*What is expected*: Once the line containing "have CB g g'" is found in the entries below, reproduce it and every line after it, stopping at and including the line containing "by rewrite /t mulrAC"; reproduce nothing else, and keep each line exact.
+---+
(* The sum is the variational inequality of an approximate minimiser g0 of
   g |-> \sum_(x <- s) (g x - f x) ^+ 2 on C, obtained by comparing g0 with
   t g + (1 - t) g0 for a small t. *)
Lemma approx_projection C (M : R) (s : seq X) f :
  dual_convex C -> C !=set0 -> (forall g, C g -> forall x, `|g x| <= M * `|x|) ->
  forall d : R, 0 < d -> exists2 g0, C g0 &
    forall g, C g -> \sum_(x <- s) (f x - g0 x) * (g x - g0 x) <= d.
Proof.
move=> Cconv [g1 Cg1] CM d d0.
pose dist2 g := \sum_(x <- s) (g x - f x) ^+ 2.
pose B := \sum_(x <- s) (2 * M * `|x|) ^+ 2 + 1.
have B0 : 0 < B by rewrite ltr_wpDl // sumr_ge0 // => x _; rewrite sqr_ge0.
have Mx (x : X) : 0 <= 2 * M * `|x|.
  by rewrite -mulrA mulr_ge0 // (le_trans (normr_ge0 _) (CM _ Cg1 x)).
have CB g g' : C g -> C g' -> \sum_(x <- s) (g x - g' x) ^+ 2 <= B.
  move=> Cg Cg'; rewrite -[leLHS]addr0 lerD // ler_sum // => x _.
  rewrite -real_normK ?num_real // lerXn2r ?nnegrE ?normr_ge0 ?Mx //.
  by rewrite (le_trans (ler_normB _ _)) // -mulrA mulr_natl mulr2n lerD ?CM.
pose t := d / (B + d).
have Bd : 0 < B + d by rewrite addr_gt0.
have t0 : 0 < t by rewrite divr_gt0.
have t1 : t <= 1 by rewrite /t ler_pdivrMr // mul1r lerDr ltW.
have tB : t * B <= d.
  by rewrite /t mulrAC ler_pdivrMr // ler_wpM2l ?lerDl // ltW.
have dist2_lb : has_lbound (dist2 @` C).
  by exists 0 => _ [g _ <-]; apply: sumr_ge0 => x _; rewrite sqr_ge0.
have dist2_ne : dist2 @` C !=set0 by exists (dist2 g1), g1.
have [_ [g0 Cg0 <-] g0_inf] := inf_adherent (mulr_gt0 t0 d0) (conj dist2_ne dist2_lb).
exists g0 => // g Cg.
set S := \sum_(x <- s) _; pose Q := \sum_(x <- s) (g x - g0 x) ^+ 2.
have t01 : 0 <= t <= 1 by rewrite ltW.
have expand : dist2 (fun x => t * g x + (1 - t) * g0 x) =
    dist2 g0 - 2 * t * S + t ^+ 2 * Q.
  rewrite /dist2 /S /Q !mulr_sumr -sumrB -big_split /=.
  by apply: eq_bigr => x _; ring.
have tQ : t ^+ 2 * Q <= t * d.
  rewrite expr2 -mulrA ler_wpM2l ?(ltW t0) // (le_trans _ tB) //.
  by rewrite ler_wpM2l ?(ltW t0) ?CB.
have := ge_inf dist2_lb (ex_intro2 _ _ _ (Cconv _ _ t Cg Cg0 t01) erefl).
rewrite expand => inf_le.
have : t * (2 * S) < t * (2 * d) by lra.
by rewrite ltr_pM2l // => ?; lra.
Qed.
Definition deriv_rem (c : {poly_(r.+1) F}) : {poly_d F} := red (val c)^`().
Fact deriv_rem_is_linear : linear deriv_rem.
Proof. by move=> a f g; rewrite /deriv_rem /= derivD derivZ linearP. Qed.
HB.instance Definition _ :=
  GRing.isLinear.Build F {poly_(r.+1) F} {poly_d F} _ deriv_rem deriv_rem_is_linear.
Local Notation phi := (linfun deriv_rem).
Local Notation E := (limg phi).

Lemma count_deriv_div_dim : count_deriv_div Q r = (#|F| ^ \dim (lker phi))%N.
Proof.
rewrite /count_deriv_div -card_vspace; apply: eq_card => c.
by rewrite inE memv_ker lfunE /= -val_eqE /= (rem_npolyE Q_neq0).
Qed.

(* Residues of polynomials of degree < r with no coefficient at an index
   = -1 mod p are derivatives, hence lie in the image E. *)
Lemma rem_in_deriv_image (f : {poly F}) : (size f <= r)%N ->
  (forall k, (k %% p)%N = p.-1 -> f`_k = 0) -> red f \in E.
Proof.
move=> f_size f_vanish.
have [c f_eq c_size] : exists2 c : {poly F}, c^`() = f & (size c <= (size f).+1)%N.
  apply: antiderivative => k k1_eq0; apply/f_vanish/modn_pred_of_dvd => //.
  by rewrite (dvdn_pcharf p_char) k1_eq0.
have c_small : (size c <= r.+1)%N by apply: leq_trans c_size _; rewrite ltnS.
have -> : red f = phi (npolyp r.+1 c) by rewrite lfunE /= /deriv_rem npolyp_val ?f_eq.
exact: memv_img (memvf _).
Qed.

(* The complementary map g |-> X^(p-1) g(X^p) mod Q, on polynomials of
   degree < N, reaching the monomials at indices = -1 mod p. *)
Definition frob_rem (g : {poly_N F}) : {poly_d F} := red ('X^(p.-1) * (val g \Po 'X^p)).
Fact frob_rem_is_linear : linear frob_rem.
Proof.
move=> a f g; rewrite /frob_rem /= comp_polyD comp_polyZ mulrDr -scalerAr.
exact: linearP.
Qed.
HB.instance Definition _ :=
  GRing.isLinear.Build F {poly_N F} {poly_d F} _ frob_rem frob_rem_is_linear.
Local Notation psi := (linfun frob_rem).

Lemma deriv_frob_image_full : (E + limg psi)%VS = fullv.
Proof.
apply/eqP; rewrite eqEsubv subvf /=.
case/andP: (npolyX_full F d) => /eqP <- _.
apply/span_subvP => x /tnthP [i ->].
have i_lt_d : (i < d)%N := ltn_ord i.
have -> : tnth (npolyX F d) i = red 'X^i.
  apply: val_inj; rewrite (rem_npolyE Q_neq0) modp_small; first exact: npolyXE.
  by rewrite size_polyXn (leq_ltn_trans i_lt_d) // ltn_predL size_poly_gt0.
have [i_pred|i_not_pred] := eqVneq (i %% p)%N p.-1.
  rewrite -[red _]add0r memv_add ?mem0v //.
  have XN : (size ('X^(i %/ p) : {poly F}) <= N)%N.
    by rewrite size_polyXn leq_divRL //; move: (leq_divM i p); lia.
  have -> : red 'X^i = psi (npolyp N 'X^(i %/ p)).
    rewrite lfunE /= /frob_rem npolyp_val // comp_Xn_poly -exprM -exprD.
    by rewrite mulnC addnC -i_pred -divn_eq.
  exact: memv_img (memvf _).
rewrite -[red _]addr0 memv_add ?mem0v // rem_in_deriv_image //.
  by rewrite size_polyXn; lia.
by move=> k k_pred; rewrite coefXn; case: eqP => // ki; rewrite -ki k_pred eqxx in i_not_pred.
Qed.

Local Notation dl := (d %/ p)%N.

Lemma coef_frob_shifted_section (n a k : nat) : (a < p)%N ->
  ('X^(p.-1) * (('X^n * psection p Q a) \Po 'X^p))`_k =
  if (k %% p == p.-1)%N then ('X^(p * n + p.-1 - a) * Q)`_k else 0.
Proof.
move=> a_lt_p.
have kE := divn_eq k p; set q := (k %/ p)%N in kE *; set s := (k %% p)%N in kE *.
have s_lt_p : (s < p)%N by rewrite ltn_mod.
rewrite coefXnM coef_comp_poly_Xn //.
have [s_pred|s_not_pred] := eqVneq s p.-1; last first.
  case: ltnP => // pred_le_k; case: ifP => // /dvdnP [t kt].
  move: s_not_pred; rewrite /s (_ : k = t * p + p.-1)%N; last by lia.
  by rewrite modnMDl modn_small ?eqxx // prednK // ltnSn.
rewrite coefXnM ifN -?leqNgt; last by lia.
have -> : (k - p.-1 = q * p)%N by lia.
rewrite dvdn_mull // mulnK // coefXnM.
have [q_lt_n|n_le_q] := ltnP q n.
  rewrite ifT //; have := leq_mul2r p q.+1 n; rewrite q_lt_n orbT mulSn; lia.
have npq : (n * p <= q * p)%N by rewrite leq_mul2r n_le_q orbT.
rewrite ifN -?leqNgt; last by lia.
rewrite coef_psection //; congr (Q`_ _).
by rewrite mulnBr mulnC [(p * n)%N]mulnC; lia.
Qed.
+---+
*Answer to the exercise*:
have CB g g' : C g -> C g' -> \sum_(x <- s) (g x - g' x) ^+ 2 <= B.
  move=> Cg Cg'; rewrite -[leLHS]addr0 lerD // ler_sum // => x _.
  rewrite -real_normK ?num_real // lerXn2r ?nnegrE ?normr_ge0 ?Mx //.
  by rewrite (le_trans (ler_normB _ _)) // -mulrA mulr_natl mulr2n lerD ?CM.
pose t := d / (B + d).
have Bd : 0 < B + d by rewrite addr_gt0.
have t0 : 0 < t by rewrite divr_gt0.
have t1 : t <= 1 by rewrite /t ler_pdivrMr // mul1r lerDr ltW.
have tB : t * B <= d.
  by rewrite /t mulrAC ler_pdivrMr // ler_wpM2l ?lerDl // ltW.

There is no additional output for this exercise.